16.The UK government denies its responsibility for these homeless, cashless, demoralised and vulnerable human beings on the basis of judicial rulings in UK courts which hold that withdrawal of support is not in itself an imminent breach of Article 3 of the European Convention, as incorporated into UK law by the 1998 Human Rights Act. The UKBA contention is that Article 3 is engaged only if the threshold is crossed between destitution, in the usual sense of lack of accommodation and financial means, and inhuman and degrading treatment within the meaning of Article 3. The UK government’s argument is that ‘inhuman and degrading treatment’ within Article 3 refers to a level of suffering more intense than being homeless and penniless.

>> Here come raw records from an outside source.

Section CoreProfile.
Variables (n : nat) (E : digraph).
Implicit Types (S : seq (vert E)) (v : vert E).

Definition adj S (p q : nat) : bool :=
  nth false (nth [::] [seq [seq dedge u w | w <- S] | u <- S] p) q.

Definition vtype S v : {ffun 'I_n -> bool * bool} :=
  [ffun p : 'I_n => nth (false, false) [seq (dedge u v, dedge v u) | u <- S] p].

Definition type_class S (tau : {ffun 'I_n -> bool * bool}) : seq (vert E) :=
  [seq v <- enum 'I_(dsize E) | (v \notin S) && (vtype S v == tau)].

(* The boolean coordinates are compared by [zle], i.e. for equality: they
   record the size of [S] and the digraph induced on [S]. *)
Definition profile_index := ('I_n.+1 + 'I_n * 'I_n + {ffun 'I_n -> bool * bool})%type.

Definition profile S (c : profile_index) : nat :=
  match c with
  | inl (inl b) => size S == b
  | inl (inr (p, q)) => adj S p q
  | inr tau => size (type_class S tau)
  end.

Lemma adjE S x p q : p < size S -> q < size S ->
  adj S p q = dedge (nth x S p) (nth x S q).
Proof. by move=> lt_p lt_q; rewrite /adj (nth_map x) // (nth_map x). Qed.

Lemma vtypeE S v x (p : 'I_n) : p < size S ->
  vtype S v p = (dedge (nth x S p) v, dedge v (nth x S p)).
Proof. by move=> lt_p; rewrite ffunE (nth_map x). Qed.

  1. Our submission is that the Article 3 absolute prohibition on ‘inhuman and degrading treatment’ covers a range of possible state-sponsored actions. State –sponsored torture, violence, or racial discrimination, for example, would be the worst possible examples of ‘inhuman and degrading treatment’. But acts or omissions of the state which expose people to other forms of suffering inconsistent with their human rights, welfare, and dignity, are also ‘inhuman and degrading treatment’. Asylum seekers are persons exercising their rights under international law to seek asylum. A policy of deliberately reducing them, almost immediately after their claim is refused, to a condition of homeless and penniless destitution is a form of ‘inhuman and degrading treatment’. It causes suffering and extreme vulnerability and it is humiliating. The absence of recourse to legal representation exacerbates the situation.
  2. The 2010 Red Cross study of destitute failed asylum-seekers found that 6 out of 10 respondents had been destitute for a year or more, some for over 5 years.[xxiv] The 2011 Oxfam study indicated that many have been destitute for more than 6 months and a significant proportion for more than 2 years.[xxv]
  3. The condition asylum seekers are placed in when their claim is rejected is one no human being should be subjected to in a civilised state. We instance below in the numbered paragraphs which follow (paragraphs i to x) ways in which government policy reduces ‘failed asylum seekers’ to a condition which is inhuman and degrading. The Court ruled that the UKBA had subjected a man suffering from mental illness to inhuman and degrading treatment in an immigration detention, detaining him unlawfully for a period of five months.[xxvi]
  4. Right to an Adequate Standard of Living

20.Short of sleeping rough and begging, ‘failed asylum seekers’ are totally dependent for shelter and food on the goodwill and accident of friends and faith groups, and on food parcels and night shelters provided by charities and voluntary sector relief organisations. Human beings in affluent societies with developed systems of welfare for those in need are reduced to living on Red Cross food parcels. So far as its resources allow, the British Red Cross distributes food parcels to destitute asylum seekers in the UK in the same way that it responds to hunger and homelessness in humanitarian emergencies in other parts of the world: “Giving food to destitute asylum seekers here is not very different from handing out food from the back of lorries in the Sudan. The humanitarian need is the same.”[xxvii] This is a government-imposed ‘humanitarian emergency.’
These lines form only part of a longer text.